# WORK ITEM
Find every line in the records that holds the string "have". Copy each one.

# INFORMATION

--*--

Lemma fps_mul1 : left_id fps_one fps_mul.
Proof.
move=> f; apply: functional_extensionality => n.
rewrite fps_mulE big_ord_recl subn0 big1 ?addr0; first exact: mul1r.
by move=> i _; exact: mul0r.
Qed.

Lemma fps_mulDl : left_distributive fps_mul fps_add.
Proof.
move=> f g h; apply: functional_extensionality => n.
rewrite /fps_add !fps_mulE CaddE -big_split.
by apply: eq_bigr => i _; exact: mulrDl.
Qed.

Lemma fps_one_neq0 : fps_one != fps_zero.
Proof. by apply/eqP => /(congr1 (fun f => f 0%N)) /eqP; rewrite (negbTE C1_neq0). Qed.

HB.instance Definition _ :=
  GRing.Zmodule_isComNzRing.Build fps fps_mulA fps_mulC fps_mul1 fps_mulDl fps_one_neq0.

Lemma fps_mulr (f g : fps) : fps_mul f g = f * g. Proof. by []. Qed.
Lemma fps_oneE : fps_one = 1. Proof. by []. Qed.
Lemma fps_subr (f g : fps) : fps_sub f g = f - g. Proof. by []. Qed.

Lemma fps_powE (f : fps) j : fps_pow f j = f ^+ j.
Proof. by elim: j => [|j IH] //=; rewrite exprSr IH. Qed.

Lemma fps_coef_zero n : (0 : fps) n = 0. Proof. by []. Qed.
Lemma fps_coefD (f g : fps) n : (f + g) n = f n + g n. Proof. by []. Qed.
Lemma fps_coefN (f : fps) n : (- f) n = - f n. Proof. by []. Qed.
Lemma fps_coefB (f g : fps) n : (f - g) n = f n - g n. Proof. by []. Qed.

Lemma fps_coef_sum I (r : seq I) (P : pred I) (F : I -> fps) n :
  (\sum_(i <- r | P i) F i) n = \sum_(i <- r | P i) F i n.
Proof. by apply: (big_morph (fun f : fps => f n)). Qed.

Lemma fps_coef_constM c (f : fps) n : (fps_const c * f) n = c * f n.
Proof.
rewrite -fps_mulr fps_mulE big_ord_recl subn0 big1 ?addr0 // => i _.
exact: mul0r.
Qed.

Lemma fps_const_mul c d : fps_const (c * d) = fps_const c * fps_const d.
Proof.
apply: functional_extensionality => n; rewrite fps_coef_constM.
by case: n => [|n] /=; rewrite ?mulr0.
Qed.

Lemma fps_const_add c d : fps_const (c + d) = fps_const c + fps_const d.
Proof. by apply: functional_extensionality => -[|n]; rewrite fps_coefD /= ?addr0. Qed.

Lemma fps_const_opp c : fps_const (- c) = - fps_const c.
Proof. by apply: functional_extensionality => -[|n]; rewrite fps_coefN /= ?oppr0. Qed.

Lemma fps_const_nat m : fps_const m%:R = m%:R.
Proof.
elim: m => [|m IH]; last by rewrite !mulrS fps_const_add IH.
by apply: functional_extensionality => -[].
Qed.

Lemma fps_const_exp c j : fps_const (c ^+ j) = fps_const c ^+ j.
Proof. by elim: j => [|j IH] //; rewrite !exprS fps_const_mul IH. Qed.

Lemma fps_cscalE c (f : fps) : fps_cscal c f = fps_const c * f.
Proof. by apply: functional_extensionality => n; rewrite fps_coef_constM. Qed.

Lemma fps_rscalE r (f : fps) : fps_rscal r f = fps_const (RtoC r) * f.
Proof. by apply: functional_extensionality => n; rewrite fps_coef_constM /fps_rscal CscalE. Qed.

Lemma fps_coef_XM (f : fps) n : (fps_X * f) n = if n is n'.+1 then f n' else 0.
Proof.
rewrite -fps_mulr fps_mulE; case: n => [|n]; first by rewrite big_ord1 mul0r.
rewrite big_ord_recl big_ord_recl big1 /=.
  by rewrite mul0r mul1r subn1 addr0 add0r.
by move=> i _; rewrite mul0r.
Qed.

Definition fps_deriv (f : fps) : fps := fun n => n.+1%:R * f n.+1.

Lemma fps_derivD (f g : fps) : fps_deriv (f + g) = fps_deriv f + fps_deriv g.
Proof. by apply: functional_extensionality => n; rewrite /fps_deriv !fps_coefD mulrDr. Qed.

Lemma fps_derivN (f : fps) : fps_deriv (- f) = - fps_deriv f.
Proof. by apply: functional_extensionality => n; rewrite /fps_deriv !fps_coefN mulrN. Qed.

Lemma fps_derivB (f g : fps) : fps_deriv (f - g) = fps_deriv f - fps_deriv g.
Proof. by rewrite fps_derivD fps_derivN. Qed.

Lemma fps_deriv_const c : fps_deriv (fps_const c) = 0.
Proof. by apply: functional_extensionality => n; rewrite /fps_deriv /= mulr0. Qed.

Lemma fps_deriv1 : fps_deriv 1 = 0.
Proof. exact: fps_deriv_const. Qed.

Lemma fps_derivX : fps_deriv fps_X = 1.
Proof. by apply: functional_extensionality => -[|n]; rewrite /fps_deriv /= ?mulr1 ?mulr0. Qed.

Lemma coef_deriv_fps_trunc N (f : fps) i : (i.+1 < N)%N -> ((fps_trunc N f)^`())`_i = fps_deriv f i.
Proof. by move=> lt_iN; rewrite coef_deriv coef_fps_trunc // /fps_deriv mulr_natl. Qed.

Lemma fps_derivM (f g : fps) : fps_deriv (f * g) = fps_deriv f * g + f * fps_deriv g.
Proof.
apply: functional_extensionality => n; rewrite fps_coefD -!fps_mulr.
have ltn2 : (n < n.+2)%N by rewrite ltnW.
have trunc_deriv h : forall i, (i <= n)%N -> ((fps_trunc n.+2 h)^`())`_i = fps_deriv h i.
  by move=> i le_in; rewrite coef_deriv_fps_trunc // !ltnS.
rewrite (fps_mul_poly (trunc_deriv f) (coef_fps_trunc_le g ltn2)).
rewrite (fps_mul_poly (coef_fps_trunc_le f ltn2) (trunc_deriv g)).
by rewrite -coefD -derivM coef_deriv /fps_deriv (@fps_mul_coef_trunc _ _ n.+2) // mulr_natl.
Qed.

Lemma fps_deriv_constM c (f : fps) : fps_deriv (fps_const c * f) = fps_const c * fps_deriv f.
Proof. by rewrite fps_derivM fps_deriv_const mul0r add0r. Qed.

Lemma fps_derivXn (f : fps) j : fps_deriv (f ^+ j.+1) = j.+1%:R * fps_deriv f * f ^+ j.
Proof.
elim: j => [|j IH]; first by rewrite expr1 expr0 mulr1 mul1r.
by rewrite exprSr fps_derivM IH exprSr; ring.
Qed.

Lemma sum_ord_widen (F : nat -> Cx) a b : (a <= b)%N -> (forall j, (a <= j)%N -> F j = 0) ->
  \sum_(j < a) F j = \sum_(j < b) F j.
Proof.
move=> le_ab F0; rewrite (big_ord_widen _ _ le_ab) big_mkcond.
by apply: eq_bigr => j _; case: ltnP => // /F0 ->.
Qed.

Lemma eq_fps_mul_coef (f f' g g' : fps) n :
    (forall i, (i <= n)%N -> f i = f' i) -> (forall i, (i <= n)%N -> g i = g' i) ->
  (f * g) n = (f' * g') n.
Proof.
move=> ff' gg'; rewrite -!fps_mulr !fps_mulE; apply: eq_bigr => i _.
by rewrite ff' ?gg' ?leq_subr // -ltnS.
Qed.

Lemma fps_pow_coef_small (f : fps) j n : f 0%N = 0 -> (n < j)%N -> (f ^+ j) n = 0.
Proof.
move=> f0; elim: j n => [|j IH] n // lt_nj.
rewrite exprSr -fps_mulr fps_mulE; apply: big1 => i _.
have [lt_ij | le_ji] := ltnP i j; first by rewrite IH // mul0r.
have -> : (n - i = 0)%N by apply/eqP; rewrite subn_eq0 (leq_trans _ le_ji) // -ltnS.
by rewrite f0 mulr0.
Qed.

Definition invfact j : Cx := RtoC (/ INR (fact j)).

Lemma invfact0 : invfact 0 = 1.
Proof. by rewrite /invfact /= Rinv_1. Qed.

Lemma invfactS j : j.+1%:R * invfact j.+1 = invfact j.
Proof. by rewrite /invfact -RtoC_nat -RtoC_mul INR_fact_succ_inv. Qed.

Definition comp_partial (c : nat -> R) (f : fps) N : fps :=
  \sum_(j < N) fps_const (RtoC (c j)) * f ^+ j.

Lemma coef_comp_partial (c : nat -> R) (f : fps) N n : f 0%N = 0 -> (n < N)%N ->
  Csum (fun j => Cscal (c j) (fps_pow f j n)) n = comp_partial c f N n.
Proof.
move=> f0 lt_nN; rewrite CsumE /comp_partial fps_coef_sum.
under eq_bigr => j _ do rewrite CscalE fps_powE.
rewrite (sum_ord_widen (fun j => RtoC (c j) * (f ^+ j) n) _ _ lt_nN).
  by apply: eq_bigr => j _; rewrite fps_coef_constM.
by move=> j le_nj; rewrite fps_pow_coef_small ?mulr0.
Qed.

Definition exp_partial (f : fps) N : fps := \sum_(j < N) fps_const (invfact j) * f ^+ j.

Lemma fps_exp_partial (f : fps) N n : f 0%N = 0 -> (n < N)%N -> fps_exp f n = exp_partial f N n.
Proof. exact: (coef_comp_partial (fun j => / INR (fact j))). Qed.

Lemma fps_deriv_sum I (r : seq I) (P : pred I) (F : I -> fps) :
  fps_deriv (\sum_(i <- r | P i) F i) = \sum_(i <- r | P i) fps_deriv (F i).
Proof.
apply: (big_morph fps_deriv fps_derivD).
by apply: functional_extensionality => n; rewrite /fps_deriv mulr0.
Qed.

Lemma fps_deriv_exp_partial (f : fps) N :
  fps_deriv (exp_partial f N.+1) = fps_deriv f * exp_partial f N.
Proof.
rewrite /exp_partial fps_deriv_sum big_ord_recl expr0 mulr1 fps_deriv_const add0r.
rewrite mulr_sumr; apply: eq_bigr => j _; rewrite lift0 fps_deriv_constM fps_derivXn.
rewrite -[invfact j]invfactS fps_const_mul fps_const_nat; ring.
Qed.

Lemma fps_deriv_exp (f : fps) : f 0%N = 0 -> fps_deriv (fps_exp f) = fps_deriv f * fps_exp f.
Proof.
move=> f0; apply: functional_extensionality => n.
transitivity (fps_deriv (exp_partial f n.+2) n).
  by rewrite /fps_deriv (@fps_exp_partial _ n.+2).
rewrite fps_deriv_exp_partial; apply: eq_fps_mul_coef => // i le_in.
by rewrite (@fps_exp_partial _ n.+1).
Qed.

Lemma fps_exp_coef0 (f : fps) : fps_exp f 0%N = 1.
Proof. by rewrite /fps_exp /= CscalE /= Rinv_1 mul1r. Qed.

Lemma fps_coef0M (f g : fps) : (f * g) 0%N = f 0%N * g 0%N.
Proof. by rewrite -fps_mulr fps_mulE big_ord1. Qed.

Lemma fps_coef_deriv_Euler (f : fps) n :
  fps_deriv f n = ((1 - fps_X) * fps_deriv f) n + n%:R * f n.
Proof.
rewrite mulrBl mul1r fps_coefB fps_coef_XM.
by case: n => [|n]; rewrite ?mul0r ?subr0 ?addr0 // subrK.
Qed.

Definition divpow (h : fps) m : fps := fps_const (invfact m) * h ^+ m.

Lemma divpowE (h : fps) m : fps_rscal (/ INR (fact m)) (fps_pow h m) = divpow h m.
Proof. by rewrite fps_rscalE fps_powE. Qed.

Lemma divpow0 (h : fps) : divpow h 0 = 1.
Proof. by rewrite /divpow invfact0 expr0 mulr1. Qed.

Lemma fps_deriv_divpow (h : fps) m : fps_deriv (divpow h m.+1) = fps_deriv h * divpow h m.
Proof.
rewrite fps_deriv_constM fps_derivXn /divpow -[invfact m]invfactS.
by rewrite fps_const_mul fps_const_nat; ring.
Qed.

Lemma divpow_mulS (h : fps) m : divpow h m * h = m.+1%:R * divpow h m.+1.
Proof. by rewrite /divpow -[invfact m]invfactS fps_const_mul fps_const_nat exprSr; ring. Qed.

Definition egf_coef (f : fps) n : Cx := RtoC (INR (fact n)) * f n.

Lemma egf_coefS (f : fps) n : egf_coef f n.+1 = egf_coef (fps_deriv f) n.
Proof.
by rewrite /egf_coef /fps_deriv fact_simpl mult_INR RtoC_mul RtoC_nat mulrA [_ * n.+1%:R]mulrC.
Qed.

Lemma egf_coef0_exp_divpow (f h : fps) m : h 0%N = 0 ->
  egf_coef (fps_exp f * divpow h m) 0 = (m == 0)%:R.
Proof.
move=> h0; rewrite /egf_coef /= mul1r fps_coef0M fps_exp_coef0 mul1r /divpow fps_coef_constM.
case: m => [|m]; first by rewrite invfact0 expr0 mul1r.
by rewrite fps_pow_coef_small ?mulr0.
Qed.

Section Stirling2.
Variable x : Cx.
Let E := fps_exp (fps_const x * fps_X).
Let H := fps_exp fps_X - 1.
Let P m := E * divpow H m.

Lemma S2wE n m : S2w n m x = egf_coef (P m) n.
Proof. by rewrite /S2w CscalE fps_cscalE divpowE. Qed.

Lemma S2w_0 m : S2w 0 m x = (m == 0)%:R.
Proof. by rewrite S2wE egf_coef0_exp_divpow // /H fps_coefB fps_exp_coef0 subrr. Qed.

Lemma deriv_S2_exp : fps_deriv E = fps_const x * E.
Proof.
rewrite fps_deriv_exp ?fps_deriv_constM ?fps_derivX ?mulr1 //.
by rewrite fps_coef_constM mulr0.
Qed.

Lemma deriv_S2_base : fps_deriv H = H + 1.
Proof.
by rewrite fps_derivB fps_deriv_exp // fps_derivX mul1r fps_deriv1 subr0 subrK.
Qed.

Lemma deriv_S2_gf m :
  fps_deriv (P m) = fps_const (x + m%:R) * P m + (if m is m'.+1 then P m' else 0).
Proof.
rewrite /P fps_derivM deriv_S2_exp fps_const_add fps_const_nat.
case: m => [|m]; first by rewrite divpow0 fps_deriv1; ring.
rewrite fps_deriv_divpow deriv_S2_base mulrDl mul1r [H * _]mulrC divpow_mulS; ring.
Qed.

Lemma S2w_succ n m :
  S2w n.+1 m x = (x + m%:R) * S2w n m x + (if m is m'.+1 then S2w n m' x else 0).
Proof.
rewrite !S2wE egf_coefS deriv_S2_gf /egf_coef fps_coefD fps_coef_constM.
by case: m => [|m]; rewrite ?fps_coef_zero ?S2wE /egf_coef; ring.
Qed.
End Stirling2.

--*--

# ANSWER TO THE PROBLEM
have ltn2 : (n < n.+2)%N by rewrite ltnW.
have trunc_deriv h : forall i, (i <= n)%N -> ((fps_trunc n.+2 h)^`())`_i = fps_deriv h i.
have [lt_ij | le_ji] := ltnP i j; first by rewrite IH // mul0r.
have -> : (n - i = 0)%N by apply/eqP; rewrite subn_eq0 (leq_trans _ le_ji) // -ltnS.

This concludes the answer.